Hi Nvidia support,
we are running Jetson R32.7.2 on the TX2 and TX2 4GB modules with a custom carrier board. We are a bit stuck with a very similar issue to this thread. A couple of Jetson modules in the field (both TX2 and TX2 4GB) crash with errors similar to these ones (log from a TX2 4GB):
[141528.900489] CPU3: SError detected, daif=1c0, spsr=0x800000c5, mpidr=80000101, esr=bf40c000
[141528.900493] CPU5: SError detected, daif=1c0, spsr=0x800000c5, mpidr=80000103, esr=bf40c000
[141528.900495] CPU4: SError detected, daif=1c0, spsr=0x800000c5, mpidr=80000102, esr=bf40c000
[141528.900523] CPU2: SError detected, daif=1c0, spsr=0x80000000, mpidr=80000001, esr=be000000
[141528.900524] **************************************
[141528.900528] Machine check error in JSR:MTS:
[141528.900530] Status = 0xb400000000000001
[141528.900533] Unknown error: 0x1
[141528.900538] Uncorrected (this is fatal)
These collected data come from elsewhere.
(* Assume $\mathbf a,\mathbf b\in\Delta^n$ with strictly positive entries, let $\eta>0$, let $X^\eta$ be the unique minimizer of $g_\eta$ over $\mathbb{R}^{n\times n}_+$, and set $\gamma=\|C\|_\infty+2\eta$. Then for all $i,j\in[n]$: $$a_ie^{-\gamma/\tau}\le\sum_{k=1}^nX^\eta_{ik}\le1-e^{-\gamma/\tau}(1-a_i),\qquad b_je^{-\gamma/\tau}\le\sum_{k=1}^nX^\eta_{kj}\le1-e^{-\gamma/\tau}(1-b_j).$$
   Context: Let $n\ge1$, $C\in\mathbb{R}^{n\times n}$ with nonnegative entries and $\|C\|_\infty=\max_{i,j}|C_{ij}|$; $\tau>0$; $\Delta^n=\{\mathbf x\in\mathbb{R}^n_+:\sum_i x_i=1\}$. For $\mathbf x\in\mathbb{R}^n_+$ and $\mathbf y$ with positive entries, $\mathbf{KL}(\mathbf x\|\mathbf y)=\sum_i x_i\log(x_i/y_i)-x_i+y_i$ (with $0\log0=0$). $\|X\|_2$ is the Frobenius norm, $\mathbf 1_n$ the all-ones vector. $g_\eta(X)=\langle C,X\rangle+\eta\|X\|_2^2+\tau\mathbf{KL}(X\mathbf 1_n\|\mathbf a)+\tau\mathbf{KL}(X^\top\mathbf 1_n\|\mathbf b)$ for $X\in\mathbb{R}^{n\times n}_+$. *)

From HB Require Import structures.
From mathcomp Require Import all_boot all_order all_algebra.
From mathcomp Require Import all_classical all_reals all_analysis.
Set Implicit Arguments. Unset Strict Implicit. Unset Printing Implicit Defensive.
Import Order.TTheory GRing.Theory Num.Theory.
Local Open Scope ring_scope.

Section Defs.
Variable R : realType.
Variable n : nat.

Definition xlogxy (x y : R) : R := if x == 0 then 0 else x * ln (x / y).

Definition KL (x y : 'I_n -> R) : R :=
  \sum_(i < n) (xlogxy (x i) (y i) - x i + y i).

Definition rowsum (X : 'M[R]_n) : 'I_n -> R := fun i => \sum_(k < n) X i k.
Definition colsum (X : 'M[R]_n) : 'I_n -> R := fun j => \sum_(k < n) X k j.

Definition frob2 (X : 'M[R]_n) : R := \sum_(i < n) \sum_(j < n) X i j ^+ 2.

Definition mxdot (C X : 'M[R]_n) : R := \sum_(i < n) \sum_(j < n) C i j * X i j.

Definition mxinfnorm (C : 'M[R]_n) : R :=
  \big[Num.max/0]_(i < n) \big[Num.max/0]_(j < n) `|C i j|.

Definition nonneg_mx (X : 'M[R]_n) : Prop := forall i j, 0 <= X i j.

Definition g_obj (C : 'M[R]_n) (tau eta : R) (a b : 'I_n -> R) (X : 'M[R]_n) : R :=
  mxdot C X + eta * frob2 X + tau * KL (rowsum X) a + tau * KL (colsum X) b.

End Defs.

From HB Require Import structures.
From mathcomp Require Import all_boot all_order all_algebra.
From mathcomp Require Import all_classical all_reals all_analysis.
From mathcomp Require Import ring lra.
Set Implicit Arguments. Unset Strict Implicit. Unset Printing Implicit Defensive.
Import Order.TTheory GRing.Theory Num.Theory.
Local Open Scope ring_scope.

(* Two competitors to the minimizer X give first-order conditions.  Comparing with
   (1 - t) X and letting t -> 0 gives sum_k r_k ln (r_k / a_k) + sum_l c_l ln (c_l / b_l) <= 0
   for the marginals r, c of X, so by Gibbs' inequality the mass of X is at most 1; in
   particular X_kl <= 1.  Comparing with X + t e_kl and letting t -> 0 gives
   r_k c_l >= a_k b_l exp (-(C_kl + 2 eta X_kl) / tau) >= a_k b_l exp (-gamma / tau).
   Summing over l, r_k >= r_k * mass >= a_k exp (-gamma / tau); the upper bounds follow by
   subtracting the lower bounds of the other marginals from mass <= 1. *)

Section RealFacts.
Variable R : realType.

Lemma ln_le_subr1 (x : R) : 0 < x -> ln x <= x - 1.
Proof.
by move=> x0; have := @le_ln1Dx R (x - 1); rewrite [1 + _]addrC subrK; apply; lra.
Qed.

Lemma ln_div (x y : R) : 0 < x -> 0 < y -> ln (x / y) = ln x - ln y.
Proof. by move=> x0 y0; rewrite lnM ?posrE ?invr_gt0 // lnV ?posrE. Qed.

Lemma mulr_ln_div_le (x y : R) : 0 < x -> 0 < y -> y * ln (x / y) <= x - y.
Proof.
move=> x0 y0; have := ler_wpM2l (ltW y0) (ln_le_subr1 (divr_gt0 x0 y0)).
by rewrite mulrBr mulr1 mulrCA divff ?gt_eqF // mulr1.
Qed.

Lemma ler_perturb (A B D : R) :
  (forall t, 0 < t -> t < 1 -> A <= B + t * D) -> A <= B.
Proof.
move=> hA; apply/ler_addgt0Pr => e e0.
have D1 : 0 < `|D| + 1 by rewrite ltr_wpDl.
pose t := Num.min (1/2) (e / (`|D| + 1)).
have t0 : 0 < t by rewrite lt_min divr_gt0 // divr_gt0.
have t1 : t < 1 by rewrite gt_min; apply/orP; left; lra.
have te : t * (`|D| + 1) <= e by rewrite -ler_pdivlMr // ge_min lexx orbT.
have : t * D <= t * `|D| by rewrite ler_wpM2l ?ler_norm ?ltW.
have := hA t t0 t1; nra.
Qed.

End RealFacts.

Section EntropyTerm.
Variable R : realType.
Implicit Types r s t a : R.

Lemma xlogxy_ge_sub r a : 0 <= r -> 0 < a -> r - a <= xlogxy r a.
Proof.
move=> r0 a0; rewrite /xlogxy; case: eqP => [->|/eqP rn0]; first lra.
have rp : 0 < r by rewrite lt0r rn0.
have := mulr_ln_div_le a0 rp; rewrite -[ln (a / r)]opprK -lnV ?posrE ?divr_gt0 //.
by rewrite invf_div; lra.
Qed.

Lemma xlogxy_scale s r a : 0 < s -> 0 <= r -> 0 < a ->
  xlogxy (s * r) a = s * xlogxy r a + s * r * ln s.
Proof.
move=> s0 r0 a0; rewrite /xlogxy mulf_eq0 gt_eqF //=; case: eqP => [->|/eqP rn0].
  by rewrite !mulr0 mul0r addr0.
have rp : 0 < r by rewrite lt0r rn0.
rewrite -[s * r / a]mulrA lnM ?posrE ?divr_gt0 //; ring.
Qed.

(* Convexity of [x ln (x/a) - x], whose slope at [r + t] is [ln ((r + t)/a)]. *)
Lemma xlogxy_shift_le r t a : 0 <= r -> 0 < t -> 0 < a ->
  (xlogxy (r + t) a - (r + t)) - (xlogxy r a - r) <= t * ln ((r + t) / a).
Proof.
move=> r0 t0 a0; have rt : 0 < r + t by rewrite ltr_wpDl.
rewrite /xlogxy gt_eqF //; case: eqP => [->|/eqP rn0]; first by rewrite add0r; lra.
have rp : 0 < r by rewrite lt0r rn0.
have := mulr_ln_div_le rt rp; rewrite !ln_div //; lra.
Qed.

Lemma xlogxy_scale_le t r a : 0 < t < 1 -> 0 <= r -> 0 < a ->
  (xlogxy ((1 - t) * r) a - (1 - t) * r) - (xlogxy r a - r)
    <= - t * xlogxy r a + t ^+ 2 * r.
Proof.
move=> /andP[t0 t1] r0 a0; rewrite xlogxy_scale ?subr_gt0 //.
have : ln (1 - t) <= - t by have := ln_le_subr1 (_ : 0 < 1 - t); lra.
have : 0 <= (1 - t) * r by apply: mulr_ge0; lra.
nra.
Qed.

End EntropyTerm.

Section Sums.
Variables (R : realType) (n : nat).
Implicit Types (C X : 'M[R]_n).

Lemma sum_differ_at (F G : 'I_n -> R) k : (forall i, i != k -> F i = G i) ->
  \sum_(i < n) F i = \sum_(i < n) G i + (F k - G k).
Proof.
move=> FG; rewrite (bigD1 k) //= [\sum_(i < n) G i](bigD1 k) //=.
by rewrite (eq_bigr G (fun i ik => FG i ik)); ring.
Qed.

Lemma shiftE X t k l i j :
  (X + t *: delta_mx k l) i j = X i j + t * ((i == k) && (j == l))%:R.
Proof. by rewrite !mxE. Qed.

Lemma sum_mx_shift (F : 'I_n -> 'I_n -> R -> R) X k l t :
  \sum_(i < n) \sum_(j < n) F i j ((X + t *: delta_mx k l) i j)
  = \sum_(i < n) \sum_(j < n) F i j (X i j) + (F k l (X k l + t) - F k l (X k l)).
Proof.
rewrite (sum_differ_at (G := fun i => \sum_(j < n) F i j (X i j)) (k := k))
  => [|i /negbTE ik]; last first.
  by apply: eq_bigr => j _; rewrite shiftE ik mulr0 addr0.
congr (_ + _); rewrite (sum_differ_at (G := fun j => F k j (X k j)) (k := l))
  => [|j /negbTE jl]; last first.
  by rewrite shiftE eqxx jl mulr0 addr0.
by rewrite !shiftE !eqxx mulr1; ring.
Qed.

Lemma mxdot_shift C X k l t : mxdot C (X + t *: delta_mx k l) = mxdot C X + t * C k l.
Proof. by rewrite /mxdot (sum_mx_shift (fun i j x => C i j * x)); congr (_ + _); ring. Qed.

Lemma frob2_shift X k l t : frob2 (X + t *: delta_mx k l) = frob2 X + t * (2 * X k l + t).
Proof. by rewrite /frob2 (sum_mx_shift (fun _ _ x => x ^+ 2)); congr (_ + _); ring. Qed.

Lemma rowsum_shift X t k l :
  rowsum (X + t *: delta_mx k l) = fun i => rowsum X i + t * (i == k)%:R.
Proof.
apply: funext => i; rewrite /rowsum (sum_differ_at (G := X i) (k := l))
  => [|j /negbTE jl]; last first.
  by rewrite shiftE jl andbF mulr0 addr0.
by rewrite shiftE eqxx andbT; ring.
Qed.

Lemma colsum_shift X t k l :
  colsum (X + t *: delta_mx k l) = fun j => colsum X j + t * (j == l)%:R.
Proof.
apply: funext => j; rewrite /colsum (sum_differ_at (G := X^~ j) (k := k))
  => [|i /negbTE ik]; last first.
  by rewrite shiftE ik mulr0 addr0.
by rewrite shiftE eqxx; ring.
Qed.

Lemma mxdotZ s C X : mxdot C (s *: X) = s * mxdot C X.
Proof.
rewrite /mxdot mulr_sumr; apply: eq_bigr => i _; rewrite mulr_sumr.
by apply: eq_bigr => j _; rewrite mxE mulrCA.
Qed.

Lemma frob2Z s X : frob2 (s *: X) = s ^+ 2 * frob2 X.
Proof.
rewrite /frob2 mulr_sumr; apply: eq_bigr => i _; rewrite mulr_sumr.
by apply: eq_bigr => j _; rewrite mxE exprMn.
Qed.

Lemma rowsumZ s X : rowsum (s *: X) = fun i => s * rowsum X i.
Proof.
by apply: funext => i; rewrite /rowsum mulr_sumr; apply: eq_bigr => j _; rewrite mxE.
Qed.

Lemma colsumZ s X : colsum (s *: X) = fun j => s * colsum X j.
Proof.
by apply: funext => j; rewrite /colsum mulr_sumr; apply: eq_bigr => i _; rewrite mxE.
Qed.

Lemma sum_colsum X : \sum_(j < n) colsum X j = \sum_(i < n) rowsum X i.
Proof. exact: exchange_big. Qed.

Lemma mxinfnorm_ge C i j : `|C i j| <= mxinfnorm C.
Proof.
apply: le_trans (le_bigmax _ _ i); exact: (le_bigmax _ (fun j => `|C i j|) j).
Qed.

Definition xlogxy_sum (u w : 'I_n -> R) : R := \sum_(i < n) xlogxy (u i) (w i).

Lemma xlogxy_sum_ge (u w : 'I_n -> R) : (forall i, 0 <= u i) -> (forall i, 0 < w i) ->
  \sum_(i < n) u i - \sum_(i < n) w i <= xlogxy_sum u w.
Proof. by move=> u0 w0; rewrite -sumrB; apply: ler_sum => i _; apply: xlogxy_ge_sub. Qed.

Lemma KL_scale_le (u w : 'I_n -> R) t : 0 < t < 1 ->
  (forall i, 0 <= u i) -> (forall i, 0 < w i) ->
  KL (fun i => (1 - t) * u i) w
    <= KL u w - t * xlogxy_sum u w + t ^+ 2 * \sum_(i < n) u i.
Proof.
move=> t01 u0 w0.
suff : KL (fun i => (1 - t) * u i) w - KL u w
         <= - t * xlogxy_sum u w + t ^+ 2 * \sum_(i < n) u i by lra.
rewrite /KL /xlogxy_sum -sumrB !mulr_sumr -big_split /=.
by apply: ler_sum => i _; have := xlogxy_scale_le t01 (u0 i) (w0 i); lra.
Qed.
[141528.900539] Error reporting enabled when error arrived
[141528.900562] ADDR = 0x17e99c280
[141528.900564] **************************************
[141528.900571] CPU0: SError detected, daif=1c0, spsr=0x60000045, mpidr=80000100, esr=bf40c000
[141528.900727] **************************************
[141528.900729] Machine check error in JSR:MTS:
[141528.900732] Status = 0xb400000000000001
[141528.900733] Unknown error: 0x1
[141528.900735] Uncorrected (this is fatal)
[141528.900736] Error reporting enabled when error arrived
[141528.900760] ADDR = 0x17e99c280
[141528.900761] **************************************
[141528.900919] **************************************
[141528.900921] Machine check error in JSR:MTS:
[141528.900923] Status = 0xb400000000000001
[141528.900924] Unknown error: 0x1
[141528.900926] Uncorrected (this is fatal)
[141528.900927] Error reporting enabled when error arrived
[141528.900950] ADDR = 0x17e99c280
[141528.900951] **************************************
[141528.901212] **************************************
[141528.901214] Machine check error in JSR:MTS:
[141528.901216] Status = 0xb400000000000001
[141528.901217] Unknown error: 0x1
[141528.901219] Uncorrected (this is fatal)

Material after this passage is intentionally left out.